Ah, he was turning her down. That was a
no
. Kit's heart thumped yet harder inside her. A ‘no', then. Ah. Well, never mind. So what? Did it matter?

She yelped as Joe slid his icy left hand under her tee shirt, and pulled sharply away from him—a reflex. ‘Sorry,' she cried, clutching the cold imprint of his hand on her belly. ‘Sorry. I'm sorry. Sorry.'

He looked at her. ‘Finished?' he said.

‘Yes.' All of a sudden they were joking together with their eyes. Kit listened, in pantomime, for footsteps on the stairs, then said, ‘Well, this is a silly situation.'

‘Only quite,' Joe replied. ‘Anyway, Buddy's no fool.'

‘Let's go out on the balcony,' she said. ‘Let's jump out of the window.'

‘Why? It's freezing.'

‘Please.'

‘Kit—'

‘Please.'

    

Outside, aloft, up above the great array of back gardens, visibility was so poor that it hardly extended over the
balcony's rim, apart from the weak glow of lit windows trailing away to either side. Across Joe's vertical flower beds, innumerable spiders' webs gleamed with water droplets. The sodden air was heavy also with the scent of wood smoke, and there was a light splashing sound as drips fell from gutters and soaking trees. The scene was strange, yet earthly; quiet, but also fantastical.

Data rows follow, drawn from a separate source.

(* The estimate of $\Theta$ returned by the BAGUS algorithm (described in the context) is always symmetric, and it is also positive definite if the initial value $\Theta^{(0)}$ is positive definite.
   Context: BAGUS algorithm. Input: sample covariance $S=[s_{ij}]$ ($p\times p$), sample size $n$, hyperparameters $0<v_0<v_1$, $\eta\in(0,1)$, $\tau>0$, $B>0$, and an initial symmetric matrix $\Theta^{(0)}$ (the paper uses $\Theta^{(0)}=I$), with $W$ initialized as $W=(\Theta^{(0)})^{-1}$ (so $W=I$ when $\Theta^{(0)}=I$); throughout, $W$ is maintained equal to $\Theta^{-1}$. Repeat until convergence: (E-step) for all $i\ne j$ set $p_{ij}$ by $\log\frac{p_{ij}}{1-p_{ij}}=\log\frac{v_0}{v_1}+\log\frac{\eta}{1-\eta}-\frac{|\theta_{ij}|}{v_1}+\frac{|\theta_{ij}|}{v_0}$, using the current $\Theta$. (M-step) for $j=1,\dots,p$: partition $\Theta$ (and likewise $W,S,P=[p_{ij}]$) by moving row and column $j$ to the end: $\Theta_{11}$ is $\Theta$ with row and column $j$ deleted, $\theta_{12}$ is column $j$ without its $j$-th entry, $\theta_{22}=\theta_{jj}$, and similarly $W_{11},w_{12},w_{22}$, $s_{12},s_{22}$, $P_{12}$. Set $w_{22}\leftarrow s_{22}+\frac2n\tau$. Compute $\Theta_{11}^{-1}=W_{11}-w_{12}w_{12}^T/w_{22}$ (the inverse of the current $\Theta_{11}$). Update $\theta_{12}$ by cyclic coordinate descent: for each coordinate $k$, solve for $(\theta_{12})_k$ the equation $n s_{12}+nw_{22}\Theta_{11}^{-1}\theta_{12}+\big(\frac1{v_1}P_{12}+\frac1{v_0}(1-P_{12})\big)\odot\mathrm{sign}(\theta_{12})=0$ in coordinate $k$ with the other coordinates fixed, repeating until convergence; if the resulting matrix has spectral norm exceeding $B$, keep the previous $\theta_{12}$ instead. Then set $\theta_{22}\leftarrow\frac1{w_{22}}+\theta_{12}^T\Theta_{11}^{-1}\theta_{12}$, place $\theta_{12}$ in both column $j$ and row $j$ of $\Theta$, and update $W_{11},w_{12}$ so that $W=\Theta^{-1}$ via $W_{11}=\Theta_{11}^{-1}+\frac{\Theta_{11}^{-1}\theta_{12}\theta_{12}^T\Theta_{11}^{-1}}{\theta_{22}-\theta_{12}^T\Theta_{11}^{-1}\theta_{12}}$, $w_{12}=-\frac{\Theta_{11}^{-1}\theta_{12}}{\theta_{22}-\theta_{12}^T\Theta_{11}^{-1}\theta_{12}}$. Output: $\Theta$ and $P$. Here $\odot$ is entrywise multiplication and $\mathrm{sign}$ is applied entrywise. *)

From HB Require Import structures.
From mathcomp Require Import all_boot all_order all_algebra.
From mathcomp Require Import all_classical all_reals all_analysis.
Set Implicit Arguments. Unset Strict Implicit. Unset Printing Implicit Defensive.
Import Order.TTheory GRing.Theory Num.Theory.
Local Open Scope ring_scope.
Local Open Scope classical_set_scope.

Section BAGUS.
Variable R : realType.

Definition posdef (p : nat) (A : 'M[R]_p) : Prop :=
  A^T = A /\ forall x : 'cV[R]_p, x != 0 -> 0 < (x^T *m A *m x) 0 0.
Definition possemidef (p : nat) (A : 'M[R]_p) : Prop :=
  A^T = A /\ forall x : 'cV[R]_p, 0 <= (x^T *m A *m x) 0 0.

Definition specnorm (p : nat) (A : 'M[R]_p) : R :=
  sup [set r | exists x : 'cV[R]_p,
        (x^T *m x) 0 0 = 1 /\ r = Num.sqrt (((A *m x)^T *m (A *m x)) 0 0)].

Definition sub11 (p : nat) (M : 'M[R]_p) (j : 'I_p) : 'M[R]_p.-1 :=
  \matrix_(a, b) M (lift j a) (lift j b).
Definition col12 (p : nat) (M : 'M[R]_p) (j : 'I_p) : 'cV[R]_p.-1 :=
  \col_a M (lift j a) j.

Definition ext_col (p : nat) (j : 'I_p) (t : 'cV[R]_p.-1) (i : 'I_p) : R :=
  if unlift j i is Some a then t a 0 else 0.
Definition assemble (p : nat) (M : 'M[R]_p) (j : 'I_p) (t : 'cV[R]_p.-1) (d : R)
  : 'M[R]_p :=
  \matrix_(a, b) if (a == j) && (b == j) then d
                 else if a == j then ext_col j t b
                 else if b == j then ext_col j t a
                 else M a b.

Definition estep (v0 v1 eta : R) (p : nat) (Th : 'M[R]_p) : 'M[R]_p :=
  \matrix_(i, j)
    if i == j then 0
    else let L := ln (v0 / v1) + ln (eta / (1 - eta))
                  - `|Th i j| / v1 + `|Th i j| / v0 in
         1 / (1 + expR (- L)).

(* Exact solution in x of  a x + b + c sign(x) = 0  (with sign(0) read as
   the subdifferential [-1,1]): soft thresholding. *)
Definition soft_solve (a b c : R) : R :=
  - Num.sg b * Num.max (`|b| - c) 0 / a.

(* One coordinate-descent update of coordinate k of th for the equation
   n s12 + n w22 Ainv th + (P12/v1 + (1-P12)/v0) .* sign(th) = 0. *)
Definition cd_coord (nR w22 v0 v1 : R) (q : nat) (Ainv : 'M[R]_q)
    (s12 P12 : 'cV[R]_q) (th : 'cV[R]_q) (k : 'I_q) : 'cV[R]_q :=
  let a := nR * w22 * Ainv k k in
  let b := nR * s12 k 0 + nR * w22 * (\sum_(l < q | l != k) Ainv k l * th l 0) in
  let c := P12 k 0 / v1 + (1 - P12 k 0) / v0 in
  \col_i (if i == k then soft_solve a b c else th i 0).

Definition cd_sweep (nR w22 v0 v1 : R) (q : nat) (Ainv : 'M[R]_q)
    (s12 P12 : 'cV[R]_q) (th : 'cV[R]_q) : 'cV[R]_q :=
  foldl (cd_coord nR w22 v0 v1 Ainv s12 P12) th (enum 'I_q).

(* The M-step update of column j, with m cyclic coordinate-descent sweeps
   ("repeating until convergence": m is the number of sweeps performed). *)
Definition col_update (n : nat) (v0 v1 tau B : R) (p : nat)
    (S P : 'M[R]_p) (m : nat) (Th : 'M[R]_p) (j : 'I_p) : 'M[R]_p :=
  let nR := n%:R in
  let w22 := S j j + 2 / nR * tau in
  let Ainv := invmx (sub11 Th j) in
  let th0 := col12 Th j in
  let th1 := iter m (cd_sweep nR w22 v0 v1 Ainv (col12 S j) (col12 P j)) th0 in
  let diag (t : 'cV[R]_p.-1) := 1 / w22 + (t^T *m Ainv *m t) 0 0 in
  let cand := assemble Th j th1 (diag th1) in
  let th := if B < specnorm cand then th0 else th1 in
  assemble Th j th (diag th).

Definition mstep (n : nat) (v0 v1 tau B : R) (p : nat)
    (S P : 'M[R]_p) (ms : 'I_p -> nat) (Th : 'M[R]_p) : 'M[R]_p :=
  foldl (fun M j => col_update n v0 v1 tau B S P (ms j) M j) Th (enum 'I_p).

Fixpoint bagus (n : nat) (v0 v1 eta tau B : R) (p : nat) (S : 'M[R]_p)
    (nin : nat -> 'I_p -> nat) (Th0 : 'M[R]_p) (T : nat) : 'M[R]_p :=
  match T with
  | 0 => Th0
  | T'.+1 =>
      let Th := bagus n v0 v1 eta tau B S nin Th0 T' in
      mstep n v0 v1 tau B S (estep v0 v1 eta Th) (nin T') Th
  end.
End BAGUS.

(** Each column update of BAGUS leaves Θ₁₁ untouched and writes some vector t
  (whatever coordinate descent and the spectral-norm guard produce) into row
  and column j, with diagonal entry θⱼⱼ = 1/w₂₂ + tᵀΘ₁₁⁻¹t. Symmetry is
  therefore preserved, and so is positive definiteness, by the Schur
  complement criterion: Θ₁₁ is positive definite as a principal submatrix and
  the Schur complement θⱼⱼ - tᵀΘ₁₁⁻¹t = 1/w₂₂ is positive since
  w₂₂ = sⱼⱼ + 2τ/n > 0. Neither the E-step weights nor the hyperparameters
  v₀, v₁, η, B play any role. *)
From HB Require Import structures.
From mathcomp Require Import all_boot all_order all_algebra.
From mathcomp Require Import all_classical all_reals all_analysis.
From mathcomp Require Import ring.
Import Order.TTheory GRing.Theory Num.Theory.
Local Open Scope ring_scope.
Set Implicit Arguments. Unset Strict Implicit. Unset Printing Implicit Defensive.

Section SchurComplement.
Variable R : realType.
Implicit Types (p : nat).

Lemma quad_form_sum p (M : 'M[R]_p) (x : 'cV[R]_p) :
  (x^T *m M *m x) 0 0 = \sum_i \sum_k x i 0 * M i k * x k 0.
Proof.
rewrite mxE exchange_big /=; apply: eq_bigr => k _; rewrite !mxE big_distrl /=.
by apply: eq_bigr => i _; rewrite !mxE.
Qed.

Lemma dot_sum p (t x : 'cV[R]_p) : (t^T *m x) 0 0 = \sum_i t i 0 * x i 0.
Proof. by rewrite mxE; apply: eq_bigr => i _; rewrite !mxE. Qed.

Lemma quad_form_split p (M : 'M[R]_p) (j : 'I_p) (x : 'cV[R]_p) : M^T = M ->
  (x^T *m M *m x) 0 0 = ((row' j x)^T *m sub11 M j *m row' j x) 0 0
    + 2 * x j 0 * ((col12 M j)^T *m row' j x) 0 0 + x j 0 ^+ 2 * M j j.
Proof.
move=> M_sym; have Msym a b : M b a = M a b by rewrite -[in RHS]M_sym mxE.
rewrite !quad_form_sum dot_sum !(bigD1_ord j) //=.
under [X in _ + _ + X]eq_bigr => k _ do rewrite (bigD1_ord j) //=.
rewrite big_split /=.
under [X in _ = X + _ + _]eq_bigr => k _ do under eq_bigr => i _ do rewrite !mxE.
under [X in _ = _ + _ * X + _]eq_bigr => k _ do rewrite !mxE.
have row_j : \sum_(i < p.-1) x j 0 * M j (lift j i) * x (lift j i) 0
    = x j 0 * \sum_(k < p.-1) M (lift j k) j * x (lift j k) 0.
  by rewrite big_distrr; apply: eq_bigr => i _ /=; rewrite (Msym (lift j i)) mulrA.
have col_j : \sum_(i < p.-1) x (lift j i) 0 * M (lift j i) j * x j 0
    = x j 0 * \sum_(k < p.-1) M (lift j k) j * x (lift j k) 0.
  by rewrite big_distrr; apply: eq_bigr => i _ /=; ring.
by rewrite row_j col_j; ring.
Qed.

Lemma sub11_sym p (M : 'M[R]_p) j : M^T = M -> (sub11 M j)^T = sub11 M j.
Proof. by move=> M_sym; apply/matrixP => a b; rewrite !mxE -[in RHS]M_sym mxE. Qed.

Lemma assemble_sym p (M : 'M[R]_p) j t d :
  (sub11 M j)^T = sub11 M j -> (assemble M j t d)^T = assemble M j t d.
Proof.
move=> M11_sym; apply/matrixP => a b; rewrite !mxE.
case: (unliftP j a) => [a' ->|->]; case: (unliftP j b) => [b' ->|->];
  rewrite ?eqxx ?lift_eqF //=.
by have := congr1 (fun A : 'M[R]_p.-1 => A a' b') M11_sym; rewrite !mxE.
Qed.

Lemma assemble_sub11 p (M : 'M[R]_p) j t d : sub11 (assemble M j t d) j = sub11 M j.
Proof. by apply/matrixP => a b; rewrite !mxE !lift_eqF. Qed.

Lemma assemble_col12 p (M : 'M[R]_p) j t d : col12 (assemble M j t d) j = t.
Proof. by apply/matrixP => a b; rewrite !mxE eqxx lift_eqF /ext_col liftK ord1. Qed.

Lemma assemble_diag p (M : 'M[R]_p) j t d : assemble M j t d j j = d.
Proof. by rewrite mxE eqxx. Qed.

Lemma row'_cV_eq0 p (j : 'I_p) (x : 'cV[R]_p) : row' j x = 0 -> x j 0 = 0 -> x = 0.
Proof.
move=> x'0 xj0; apply/matrixP => i k; rewrite ord1 mxE.
case: (unliftP j i) => [a ->|->] //.
by have := congr1 (fun y : 'cV[R]_p.-1 => y a 0) x'0; rewrite !mxE.
Qed.

Lemma posdef_possemidef p (A : 'M[R]_p) : posdef A -> possemidef A.
Proof.
move=> [A_sym A_pos]; split=> // x.
by have [->|/A_pos/ltW //] := eqVneq x 0; rewrite mulmx0 mxE.
Qed.

Lemma possemidef_diag_ge0 p (S : 'M[R]_p) j : possemidef S -> 0 <= S j j.
Proof.
case=> _ /(_ (delta_mx j 0)).
by rewrite trmx_delta -mulmxA -colE -rowE !mxE.
Qed.

Lemma posdef_sub11 p (M : 'M[R]_p) j : posdef M -> posdef (sub11 M j).
Proof.
move=> [M_sym M_pos]; split; first exact: sub11_sym.
move=> y y_neq0; pose x := \col_i ext_col j y i.
have x'E : row' j x = y by apply/matrixP => a b; rewrite !mxE /ext_col liftK ord1.
have xj0 : x j 0 = 0 by rewrite mxE /ext_col unlift_none.
have x_neq0 : x != 0.
  by apply: contra y_neq0 => /eqP x0; rewrite -x'E x0; apply/eqP/matrixP => a b; rewrite !mxE.
move: (M_pos x x_neq0); rewrite (quad_form_split j _ M_sym) x'E xj0.
by rewrite mulr0 mul0r expr0n mul0r !addr0.
Qed.

Lemma posdef_unitmx p (A : 'M[R]_p) : posdef A -> A \in unitmx.
Proof.
move=> [_ A_pos]; rewrite unitmxE unitfE; apply/negP => /det0P[v v_neq0 vA0].
have : v^T != 0 by rewrite trmx_eq0.
by move/A_pos; rewrite trmxK vA0 mul0mx mxE ltxx.
Qed.

Lemma posdef_schur p (M : 'M[R]_p) j t d (A := sub11 M j)
    (q := (t^T *m invmx A *m t) 0 0) :
  posdef A -> q < d -> posdef (assemble M j t d).
Proof.
move=> A_pd schur_gt0; have A_unit := posdef_unitmx A_pd.
have [A_sym A_pos] := A_pd.
have M'_sym := assemble_sym t d A_sym.
split=> // x x_neq0.
rewrite (quad_form_split j _ M'_sym) assemble_sub11 assemble_col12 assemble_diag -/A.
set y := row' j x; set z := x j 0; set u := invmx A *m t.
have uA : u^T *m A = t^T by rewrite trmx_mul trmx_inv A_sym -mulmxA mulVmx ?mulmx1.
have Au : A *m u = t by rewrite mulmxA mulmxV ?mul1mx.
have completed_square : ((y + z *: u)^T *m A *m (y + z *: u)) 0 0
    = (y^T *m A *m y) 0 0 + 2 * z * (t^T *m y) 0 0 + z ^+ 2 * q.
  have -> : (y + z *: u)^T = y^T + z *: u^T by rewrite linearD /= linearZ.
  rewrite !mulmxDl !mulmxDr -!scalemxAl uA.
  rewrite -!scalemxAr -!mulmxA Au /q -mulmxA -/u !mxE.
  have -> : \sum_i y^T 0 i * t i 0 = \sum_i t^T 0 i * y i 0.
    by apply: eq_bigr => i _; rewrite !mxE mulrC.
  ring.
have -> : (y^T *m A *m y) 0 0 + 2 * z * (t^T *m y) 0 0 + z ^+ 2 * d
    = ((y + z *: u)^T *m A *m (y + z *: u)) 0 0 + z ^+ 2 * (d - q).
  by rewrite completed_square; ring.
have [z0|z_neq0] := eqVneq z 0.
  rewrite z0 scale0r addr0 expr0n mul0r addr0; apply: A_pos.
  by apply: contra x_neq0 => /eqP y0; apply/eqP; exact: row'_cV_eq0 y0 z0.
apply: ltr_wpDl; first exact/(posdef_possemidef A_pd).2.
by rewrite mulr_gt0 ?subr_gt0 // exprn_even_gt0 ?z_neq0 ?orbT.
Qed.
End SchurComplement.

Lemma foldl_invariant (T U : Type) (Q : T -> Prop) (f : T -> U -> T) s x :
  Q x -> (forall y u, Q y -> Q (f y u)) -> Q (foldl f x s).
Proof. by elim: s x => //= u s IHs x Qx Qf; apply: IHs => //; apply: Qf. Qed.

Section BagusInvariants.
Variables (R : realType) (n : nat) (v0 v1 eta tau B : R) (p : nat) (S : 'M[R]_p).
Hypotheses (n_gt0 : (0 < n)%N) (S_psd : possemidef S) (tau_gt0 : 0 < tau).

Lemma col_updateE (P Th : 'M[R]_p) m j : exists t,
  col_update n v0 v1 tau B S P m Th j =
  assemble Th j t (1 / (S j j + 2 / n%:R * tau) + (t^T *m invmx (sub11 Th j) *m t) 0 0).
Proof. by rewrite /col_update /=; case: ifP => _; eexists. Qed.

Lemma col_update_sym (P Th : 'M[R]_p) m j : Th^T = Th ->
  (col_update n v0 v1 tau B S P m Th j)^T = col_update n v0 v1 tau B S P m Th j.
Proof. by move=> Th_sym; have [t ->] := col_updateE P Th m j; exact/assemble_sym/sub11_sym. Qed.

Lemma col_update_posdef (P Th : 'M[R]_p) m j : posdef Th ->
  posdef (col_update n v0 v1 tau B S P m Th j).
Proof.
move=> Th_pd; have [t ->] := col_updateE P Th m j.
have w22_gt0 : 0 < S j j + 2 / n%:R * tau.
  by rewrite ltr_wpDl ?possemidef_diag_ge0 // mulr_gt0 // divr_gt0 ?ltr0n.
by apply: posdef_schur (posdef_sub11 j Th_pd) _; rewrite ltrDr divr_gt0.
Qed.

Lemma mstep_invariant (Q : 'M[R]_p -> Prop) (P Th : 'M[R]_p) ms :
  (forall M j m, Q M -> Q (col_update n v0 v1 tau B S P m M j)) ->
  Q Th -> Q (mstep n v0 v1 tau B S P ms Th).
Proof. by move=> QP QTh; apply: foldl_invariant => // M j; apply: QP. Qed.

Lemma bagus_sym nin (Th0 : 'M[R]_p) T : Th0^T = Th0 ->
  (bagus n v0 v1 eta tau B S nin Th0 T)^T = bagus n v0 v1 eta tau B S nin Th0 T.
Proof.
move=> Th0_sym; elim: T => //= T IHT.
by apply: (mstep_invariant (Q := fun M => M^T = M)) => // *; apply: col_update_sym.
Qed.

Lemma bagus_posdef nin (Th0 : 'M[R]_p) T : posdef Th0 ->
  posdef (bagus n v0 v1 eta tau B S nin Th0 T).
Proof.
move=> Th0_pd; elim: T => //= T IHT.
by apply: (mstep_invariant (Q := @posdef R p)) => // *; apply: col_update_posdef.
Qed.
End BagusInvariants.

Theorem theorem5 (R : realType) (p n : nat) (S : 'M[R]_p)
    (v0 v1 eta tau B : R) (Theta0 : 'M[R]_p)
    (nin : nat -> 'I_p -> nat) (T : nat) :
  (0 < n)%N -> possemidef S ->
  0 < v0 -> v0 < v1 -> 0 < eta -> eta < 1 -> 0 < tau -> 0 < B ->
  Theta0^T = Theta0 ->
  (bagus n v0 v1 eta tau B S nin Theta0 T)^T = bagus n v0 v1 eta tau B S nin Theta0 T
  /\ (posdef Theta0 -> posdef (bagus n v0 v1 eta tau B S nin Theta0 T)).
Proof.
move=> n_gt0 S_psd _ _ _ _ tau_gt0 _ Theta0_sym.
by split; [apply: bagus_sym | apply: bagus_posdef].
Qed.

Kit communicated her next thought with one eyebrow and a gesture of the hand.

‘Out here?' said Joe. ‘You mean it?'—his voice subdued by the deadened air. ‘I'm at your mercy, I'm just asking.'

‘Out here,' she replied, with artless determination.

‘This puts a whole new slant on the concept of a blanket of mist.'

‘Blankets would definitely be good,' she said, ‘and,' stooping back in through the window, ‘we could—' she began to attempt what she was describing, ‘get your mattress thing—' She hefted it towards her. After all, she understood now how he organised himself, when he lay out on the balcony and thought about maths.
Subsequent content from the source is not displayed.